In order to achieve the purpose, the technical scheme of the invention is realized as follows:

a method for dispatching a plurality of sets of Turbo decoders comprises the steps of presetting and managing an idle decoder queue and an idle ID queue, detecting the state of an input buffer area, starting an idle decoder when data to be decoded in the input buffer area is to be decoded, and deleting the ID number of the decoder from the idle ID queue;

the decoded data is buffered in the output buffer and read.

Further, a pointer A for indicating the number of idle decoders is preset; the managing a free decoder queue comprises:

when pointer A is at the end of the free decoder queue, indicating that all decoders are free;

when a decoder is started, the pointer A moves forward one bit in the idle decoder queue, and the number of the idle decoders is reduced by one;

when the decoded data is read, pointer a is shifted backward by one bit in the idle decoder queue, and the number of idle decoders is increased by one.

Further, the managing the idle decoder queue further comprises: detecting whether an ID in the idle ID queue is read;

when an ID is detected to be read, which indicates that the decoder corresponding to the ID is started, the pointer A moves forward one bit in the idle decoder queue, and the number of the idle decoders is reduced by one.

Further, the method for managing the idle decoder queue further comprises: detecting whether the decoded data is cached in an output buffer area;

when detecting that the decoded data is buffered in the output buffer area, the pointer A moves backwards by one bit in the idle decoder queue, and the number of the idle decoders is increased by one.

Further, the method for managing the idle decoder queue further comprises:

and when the ID in the idle ID queue is detected to be read and the decoded data is detected to be cached in an output buffer area, the number of idle decoders is unchanged.
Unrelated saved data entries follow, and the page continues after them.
Theorem mainTheorem5 (R : realType) (lo hi : nat -> R -> R) (phi : nat -> nat)
    (umin umax : R -> R) :
  (forall i : nat, (0 < i)%N -> cantor_pluridiamond i (lo i) (hi i)) ->
  {homo phi : m n / (m < n)%N} ->
  unif_cvg01 (fun n => lo (phi n)) umin ->
  unif_cvg01 (fun n => hi (phi n)) umax ->
  dir_quasiminimizer 4 umin umax /\ branch_set umin umax = @cantorT R.
Proof.
move=> pluri phi_incr lo_cvg hi_cvg.
split; last exact: branch_set_eq_cantor pluri phi_incr lo_cvg hi_cvg.
move=> a b a0 ab b1 v1 v2 [[[W1 W2 _] [va1 va2 vb1 vb2]] _].
have pinched := limit_pinched pluri phi_incr lo_cvg hi_cvg.
have [_ _ incr] := pinched a b a0 (ltW ab) b1.
have := Dir_ge_W12 ab W1 W2; rewrite va1 va2 vb1 vb2 => Dir_v.
apply: le_trans (Dir_pinched_le pinched a0 ab b1) _.
have four_ge0 : (0 <= 4%:E :> \bar R)%E by rewrite lee_fin.
apply: le_trans (lee_wpmul2l four_ge0 Dir_v).
rewrite -EFinM lee_fin (_ : 2 * (b - a) = 4 * ((b - a) / 2)); last by field.
rewrite ler_pM2l //; apply: half_le_sumsqr_div => //; lra.
Qed.
(* With [cross A B] the sum of m x y over x in A and y in B we have
   2 e(<R>) = cross R R, and every claim becomes a linear inequality between such
   counts.  Shrinking T keeps all degrees outside T and gives the new vertex the
   degree cross (W \ T) T; an odd induced subgraph of G_T either misses the new
   vertex, and is then an odd induced subgraph of G, or consists of the new vertex
   and an even R outside T, with 2 e = cross R R + 2 cross R T.
   Overfullness of <S> gives cross S (W \ S) < Delta.  For even R outside S
   compare S with R + S, and for even R inside S compare S with S \ R: either the
   comparison set is not Delta-overfull or, by minimality, its slack is at least
   that of S, and in both cases 2 e <= (Delta + 1) |R| follows. *)

Section Cross.
Variables (V : finType) (m : V -> V -> nat).
Implicit Types A B C W : {set V}.

Definition cross (A B : {set V}) : nat := \sum_(x in A) \sum_(y in B) m x y.

Lemma crossDr A B C : B \subset C -> cross A C = cross A B + cross A (C :\: B).
Proof.
move=> BC; rewrite /cross -big_split; apply: eq_bigr => x _.
by rewrite (big_setID B) (setIidPr BC).
Qed.

Lemma cross_le_deg {W A} {D : nat} : A \subset W ->
  (forall x, x \in W -> mdeg m W x <= D) -> cross A W <= D * #|A|.
Proof.
move=> AW degD; rewrite mulnC -sum_nat_const; apply: leq_sum => x Ax.
exact/degD/(subsetP AW).
Qed.

Hypothesis msym : forall x y, m x y = m y x.
Hypothesis mloop : forall x, m x x = 0.

Lemma cross_sym A B : cross A B = cross B A.
Proof.
rewrite /cross exchange_big; apply: eq_bigr => x _; apply: eq_bigr => y _.
exact: msym.
Qed.

Lemma cross_set1 x : cross [set x] [set x] = 0.
Proof. by rewrite /cross !big_set1. Qed.

Lemma cross_setID A B :
  cross A A = cross (A :&: B) (A :&: B) + cross (A :\: B) (A :\: B)
              + 2 * cross (A :&: B) (A :\: B).
Proof.
have split_in C : cross C A = cross C (A :&: B) + cross C (A :\: B).
  by rewrite /cross -big_split; apply: eq_bigr => x _; rewrite (big_setID B).
rewrite {1}/cross (big_setID B) /= -!/(cross _ A) !split_in.
rewrite (cross_sym (A :\: B)); lia.
Qed.

Lemma cross_even A : ~~ odd (cross A A).
Proof.
elim: {A}#|A| {-2}A (eqxx #|A|) => [|n IHn] A /eqP cardA.
  by move/eqP: cardA; rewrite cards_eq0 => /eqP ->; rewrite /cross big_set0.
have /card_gt0P[x Ax] : 0 < #|A| by rewrite cardA.
have cardAx : #|A :\: [set x]| == n.
  by move: cardA; rewrite (cardsD1 x) Ax add1n => -[->].
rewrite (cross_setID A [set x]) (setIidPr _) ?sub1set // cross_set1.
by rewrite add0n oddD oddM andFb addbF IHn.
Qed.

Lemma double_medges A : 2 * medges m A = cross A A.
Proof.
rewrite /medges -/(cross A A) mul2n.
by have := odd_double_half (cross A A); rewrite (negbTE (cross_even A)).
Qed.

Lemma overfullE A (k : nat) : 1 < #|A| ->
  overfull m A k = (k * #|A|.-1 < cross A A).
Proof.
move=> A_gt1; rewrite /overfull /mt double_medges.
have pos : (0 < #|A|.-1%:R :> rat)%R by rewrite ltr0n; lia.
by rewrite ltr_pdivlMr // -natrM ltr_nat.
Qed.

Lemma mt_leE A (c : nat) : 1 < #|A| ->
  (mt m A <= c%:R)%R = (cross A A <= c * #|A|.-1).
Proof.
move=> A_gt1; rewrite /mt double_medges.
have pos : (0 < #|A|.-1%:R :> rat)%R by rewrite ltr0n; lia.
by rewrite ler_pdivrMr // -natrM ler_nat.
Qed.

Lemma slack_leE A B (k : nat) : (slack m A k <= slack m B k)%R ->
  (k + 1) * #|A|.-1 + cross B B <= (k + 1) * #|B|.-1 + cross A A.
Proof.
have half C : ((medges m C)%:R = (cross C C)%:R / 2 :> rat)%R.
  by rewrite -double_medges natrM; field.
rewrite /slack !half -(ler_nat rat) !natrD; lra.
Qed.

End Cross.

Lemma mGamma_le (V : finType) (m : V -> V -> nat) (W : {set V}) (c : nat) :
  is_multigraph m ->
  (forall R, odd_sub W R -> cross m R R <= c * #|R|.-1) -> (mGamma m W <= c%:R)%R.
Proof.
move=> [msym mloop] Rc; apply: (big_ind (fun x => x <= c%:R)%R).
- by rewrite ler0n.
- by move=> x y xc yc; rewrite ge_max xc yc.
- move=> R oddR; have /and3P[_ _ R_gt2] := oddR.
  by rewrite mt_leE //; [exact: Rc | exact: ltnW].
Qed.

Lemma mt_le_mGamma (V : finType) (m : V -> V -> nat) (W R : {set V}) :
  odd_sub W R -> (mt m R <= mGamma m W)%R.
Proof. by move=> oddR; rewrite /mGamma (bigD1 R) //= le_max lexx. Qed.

Section Shrink.
Variables (V : finType) (m : V -> V -> nat).
Hypothesis msym : forall x y, m x y = m y x.
Hypothesis mloop : forall x, m x x = 0.
Implicit Types (W T P : {set V}) (R : {set option V}).

Lemma shrink_multigraph T : is_multigraph (shrink_adj m T).
Proof. by split=> [[x|] [y|] | [x|]] //=. Qed.

Lemma setD1_None R : R :\ None = Some @: (Some @^-1: R).
Proof.
apply/setP=> -[x|]; last by rewrite !inE; apply/esym/imsetP=> -[].
by rewrite !inE mem_imset ?inE //; exact: Some_inj.
Qed.

Lemma card_option_set R : #|R| = (None \in R) + #|Some @^-1: R|.
Proof. by rewrite (cardsD1 None) setD1_None card_imset //; exact: Some_inj. Qed.

Lemma cross_Some T P : cross (shrink_adj m T) (Some @: P) (Some @: P) = cross m P P.
Proof.
rewrite /cross big_imset /=; last by move=> ? ? _ _ [].
by apply: eq_bigr => x _; rewrite big_imset //; move=> ? ? _ _ [].
Qed.

Lemma cross_shrink_adj T R :
  cross (shrink_adj m T) R R =
  cross m (Some @^-1: R) (Some @^-1: R)
  + (None \in R) * (2 * cross m (Some @^-1: R) T).
Proof.
have [msymS mloopS] := shrink_multigraph T.
rewrite (cross_setID msymS R [set None]) setD1_None cross_Some.
have [NR | NnR] := boolP (None \in R).
- rewrite (setIidPr _) ?sub1set // cross_set1 // add0n mul1n; congr (_ + 2 * _).
  by rewrite /cross big_set1 big_imset //; move=> ? ? _ _ [].
- have E : R :&: [set None] = set0.
    apply/setP=> a; rewrite !inE andbC.
    by have [->|] := eqVneq a None; [exact/negbTE | rewrite andFb].
  by rewrite E /cross !big_set0 addn0.
Qed.

Lemma preimset_Some_shrink W T : Some @^-1: shrink_set W T = W :\: T.
Proof. by apply/setP=> u; rewrite !inE /= mem_imset ?inE //; exact: Some_inj. Qed.

Lemma sum_shrink_set W T (F : option V -> nat) :
  \sum_(a in shrink_set W T) F a = F None + \sum_(u in W :\: T) F (Some u).
Proof.
rewrite big_setU1 /=; last by apply/imsetP=> -[].
by rewrite big_imset //; move=> ? ? _ _ [].
Qed.

Lemma mdeg_shrink_Some W T u : T \subset W ->
  mdeg (shrink_adj m T) (shrink_set W T) (Some u) = mdeg m W u.
Proof.
by move=> TW; rewrite /mdeg sum_shrink_set [in RHS](big_setID T) (setIidPr TW).
Qed.

Lemma mdeg_shrink_None W T :
  mdeg (shrink_adj m T) (shrink_set W T) None = cross m (W :\: T) T.
Proof. by rewrite /mdeg sum_shrink_set. Qed.

Lemma shrink_mDelta_le W T : T \subset W -> cross m (W :\: T) T <= mDelta m W ->
  mDelta (shrink_adj m T) (shrink_set W T) <= mDelta m W.
Proof.
move=> TW boundary_le.
apply/bigmax_leqP=> -[u|] Wu; last by rewrite mdeg_shrink_None.
rewrite mdeg_shrink_Some //; apply: leq_bigmax_cond.
have : u \in Some @^-1: shrink_set W T by rewrite inE.
by rewrite preimset_Some_shrink => /setDP[].
Qed.

Lemma shrink_mGamma_le W T (c : nat) : T \subset W ->
  (forall P, P \subset W :\: T -> odd #|P| -> 2 < #|P| ->
     cross m P P <= c * #|P|.-1) ->
  (forall P, P \subset W :\: T -> ~~ odd #|P| ->
     cross m P P + 2 * cross m P T <= c * #|P|) ->
  (mGamma (shrink_adj m T) (shrink_set W T) <= c%:R)%R.
Proof.
move=> TW odd_le even_le; apply: mGamma_le; first exact: shrink_multigraph.
move=> R /and3P[RW oddR R_gt2]; rewrite cross_shrink_adj.
have PW : Some @^-1: R \subset W :\: T.
  by rewrite -(preimset_Some_shrink W T) preimsetS.
rewrite card_option_set in oddR R_gt2 *.
case: (None \in R) oddR R_gt2 => [oddP _ | oddP P_gt2] /=.
- by rewrite mul1n add0n in oddP *; exact: even_le.
- by rewrite !add0n addn0 in oddP P_gt2 *; exact: odd_le.
Qed.

End Shrink.

Section MinimalSlack.
Variables (V : finType) (m : V -> V -> nat) (W S : {set V}) (D : nat).
Implicit Types R : {set V}.
Hypothesis msym : forall x y, m x y = m y x.
Hypothesis mloop : forall x, m x x = 0.
Hypothesis SW : S \subset W.
Hypothesis oddS : odd #|S|.
Hypothesis mdeg_le : forall x, x \in W -> mdeg m W x <= D.
Hypothesis overfullS : D * #|S|.-1 < cross m S S.
Hypothesis slack_minS : forall R, R \subset W -> odd #|R| -> 2 < #|R| ->
  D * #|R|.-1 < cross m R R ->
  (D + 1) * #|S|.-1 + cross m R R <= (D + 1) * #|R|.-1 + cross m S S.

Lemma cross_boundary_lt : cross m S (W :\: S) < D.
Proof.
have := cross_le_deg SW mdeg_le; rewrite (crossDr m S SW).
by move: overfullS; rewrite -(prednK (odd_gt0 oddS)) mulnS; lia.
Qed.

Lemma overfull_or_slack R : R \subset W -> odd #|R| ->
  cross m R R <= D * #|R|.-1 \/
  (D + 1) * #|S|.-1 + cross m R R <= (D + 1) * #|R|.-1 + cross m S S.
Proof.
move=> RW oddR.
case: (leqP (cross m R R) (D * #|R|.-1)) => [|overfullR]; [by left | right].
apply: slack_minS => //.
have [/eqP/cards1P[x Rx] | R_neq1] := eqVneq #|R| 1.
  by rewrite Rx cross_set1 in overfullR.
by case: #|R| oddR R_neq1 => [|[|[|n]]].
Qed.

Lemma shrink_even_le R : R \subset W :\: S -> ~~ odd #|R| ->
  cross m R R + 2 * cross m R S <= (D + 1) * #|R|.
Proof.
rewrite subsetD => /andP[RW disjRS] evenR.
have UW : R :|: S \subset W by rewrite subUset RW SW.
have cardU : #|R :|: S| = #|R| + #|S|.
  by rewrite cardsU disjoint_setI0 // cards0 subn0.
have oddU : odd #|R :|: S| by rewrite cardU oddD oddS (negbTE evenR).
have crossU :
    cross m (R :|: S) (R :|: S) = cross m R R + cross m S S + 2 * cross m R S.
  rewrite (cross_setID msym _ S) (setIidPr (subsetUr R S)) setDUl setDv setU0.
  by rewrite (setDidPl disjRS) (cross_sym msym S); lia.
have predU : #|R :|: S|.-1 = #|R| + #|S|.-1.
  by rewrite cardU; have := odd_gt0 oddS; lia.
move: overfullS; case: (overfull_or_slack UW oddU); rewrite crossU predU.
all: by rewrite !mulnDr !mulnDl !mul1n; lia.
Qed.

Lemma shrink_compl_even_le R : R \subset S -> ~~ odd #|R| ->
  cross m R R + 2 * cross m R (W :\: S) <= (D + 1) * #|R|.
Proof.
move=> RS evenR; set T := S :\: R.
have TW : T \subset W := subset_trans (subsetDl S R) SW.
have crossS := cross_setID msym S R; rewrite (setIidPr RS) -/T in crossS.
have cardS : #|S| = #|R| + #|T| by rewrite -(cardsID R S) (setIidPr RS).
have oddT : odd #|T| by move: oddS; rewrite cardS oddD (negbTE evenR).
have predS : #|S|.-1 = #|R| + #|T|.-1 by rewrite cardS; have := odd_gt0 oddT; lia.
have := cross_le_deg (subset_trans RS SW) mdeg_le.
rewrite (crossDr m R SW) (crossDr m R RS) -/T.
move: overfullS; case: (overfull_or_slack TW oddT); rewrite crossS predS.
all: by rewrite !mulnDr !mulnDl !mul1n; lia.
Qed.

End MinimalSlack.

Theorem lemmaH (V : finType) (m : V -> V -> nat) (W S : {set V}) :
  is_multigraph m ->
  ~~ odd #|W| ->
  ((mDelta m W)%:R < mGamma m W)%R ->
  (mGamma m W <= (mDelta m W + 1)%N%:R)%R ->
  S \subset W -> odd #|S| -> (2 < #|S|)%N ->
  overfull m S (mDelta m W) ->
  (forall R : {set V}, R \subset W -> odd #|R| -> (2 < #|R|)%N ->
     overfull m R (mDelta m W) ->
     (slack m S (mDelta m W) <= slack m R (mDelta m W))%R) ->
  [/\ (mDelta (shrink_adj m S) (shrink_set W S) <= mDelta m W)%N,
      (mGamma (shrink_adj m S) (shrink_set W S) <= (mDelta m W + 1)%N%:R)%R,
      (mDelta (shrink_adj m (W :\: S)) (shrink_set W (W :\: S)) <= mDelta m W)%N
    & (mGamma (shrink_adj m (W :\: S)) (shrink_set W (W :\: S))
         <= (mDelta m W + 1)%N%:R)%R].
Proof.
move=> [msym mloop] _ _ mGamma_leD SW oddS S_gt2 overfullS slack_min.
set D := mDelta m W in mGamma_leD overfullS slack_min *.
have mdeg_le x : x \in W -> mdeg m W x <= D by move=> Wx; exact: leq_bigmax_cond.
have odd_le (R : {set V}) : R \subset W -> odd #|R| -> 2 < #|R| ->
    cross m R R <= (D + 1) * #|R|.-1.
  move=> RW oddR R_gt2; rewrite -mt_leE //; last exact: ltnW.
  by apply: le_trans mGamma_leD; apply/mt_le_mGamma/and3P.
rewrite overfullE // in overfullS; last exact: ltnW.
have slack_minS (R : {set V}) : R \subset W -> odd #|R| -> 2 < #|R| ->
    D * #|R|.-1 < cross m R R ->
    (D + 1) * #|S|.-1 + cross m R R <= (D + 1) * #|R|.-1 + cross m S S.
  move=> RW oddR R_gt2 overfullR; apply: slack_leE => //; apply: slack_min => //.
  by rewrite overfullE // ltnW.
have boundary_le : cross m S (W :\: S) <= D by exact/ltnW/cross_boundary_lt.
have complK : W :\: (W :\: S) = S by rewrite setDDr setDv set0U (setIidPr SW).
split.
- by apply: shrink_mDelta_le; rewrite // cross_sym.
- apply: shrink_mGamma_le => // R RWS; last by apply: (shrink_even_le (W := W)).
  by apply: odd_le; exact: subset_trans RWS (subsetDl W S).
- by apply: shrink_mDelta_le; rewrite ?subsetDl ?complK.
- apply: shrink_mGamma_le; rewrite ?subsetDl ?complK // => R RS.
  + by apply: odd_le; exact: subset_trans RS SW.
  + by apply: shrink_compl_even_le.
Qed.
Further, the method for managing the free queue further comprises the following steps:

when the pointer A is positioned at the head end of the idle decoder queue, the number of the idle decoders is zero, and the idle decoders are all busy and are not allowed to write data.

The method also comprises the steps of presetting a pointer C for representing the number of the effective idle IDs and a pointer B for representing the head position of the idle ID queue;

the managing the idle ID queue includes:

the pointer C is positioned at the tail end of the effective idle ID queue and represents the number of idle IDs which can be effectively used; pointer B is always at the head of the free ID queue and when the decoder needs to assign an ID, the free ID is taken from the position indicated by pointer B.

Further, the method for managing the idle ID queue further comprises:

detecting whether the idle ID is read;

when the idle ID is detected to be read, selecting the idle ID at the position of the pointer B, recording the ID, moving the pointer C forward by one bit, and adding an invalid ID mark at the original position of the pointer C;

and when the idle ID is not detected to be read, the idle ID queue is not changed.

Further, the method for managing the idle ID queue further comprises:

detecting whether the decoded data is read or not;

when detecting that the decoded data is read, moving the pointer C backward by one bit to indicate that the ID indicated by the original position of the pointer C is idle;

and when the decoded data is not detected to be read, the idle ID queue is not changed.

Further, the method for managing the idle ID queue further comprises:

when an invalid ID flag is added at the pointer B, all IDs are occupied.

A device for scheduling a plurality of sets of decoders comprises an input scheduling unit, an input buffer area, a decoder resource parallel processing unit and an output scheduling unit; wherein,

the input scheduling unit is used for setting and managing an idle decoder and an idle ID queue, distributing ID for the decoder and detecting whether an input buffer area is occupied;

the input buffer area is used for caching data to be decoded, the input buffer area only caches one transmission block TB data at a time, and the data to be cached is read and then the next data to be decoded is cached;

the decoder resource parallel processing unit is used for realizing the parallel decoding processing of the multiple sets of decoders when the multiple sets of decoders all occupy the ID;

the output buffer area is used for caching the decoded data, caching only one TB data at a time, and caching the next decoded data after the cached data is read;

and the output scheduling unit is used for reading the decoded data and informing the input scheduling unit to adjust the idle decoder and the idle ID queue.

Furthermore, the input scheduling unit comprises an idle decoder number register and an idle ID queue register; wherein,

the idle decoder number register is used for managing the number of idle decoders, and when one decoder is started or released, the pointer A used for indicating the number of idle decoders moves forward or backward by one bit, and the count of the idle decoder register is decreased by one or increased by one; when the idle decoder register count is zero, the multiple sets of decoders are all in working states.

The idle ID queue register is used for managing idle IDs in the idle ID queue, the pointer B is always positioned at the head end of the idle ID queue, and when the decoder needs to distribute the IDs, the ID at the position of the pointer B is taken; the position indicated by the pointer C represents the number of valid idle IDs, when one valid ID is read, the pointer C moves forward one bit in sequence, an invalid ID mark is added to the original position, and when an invalid ID mark is added to the pointer B, all the IDs are occupied.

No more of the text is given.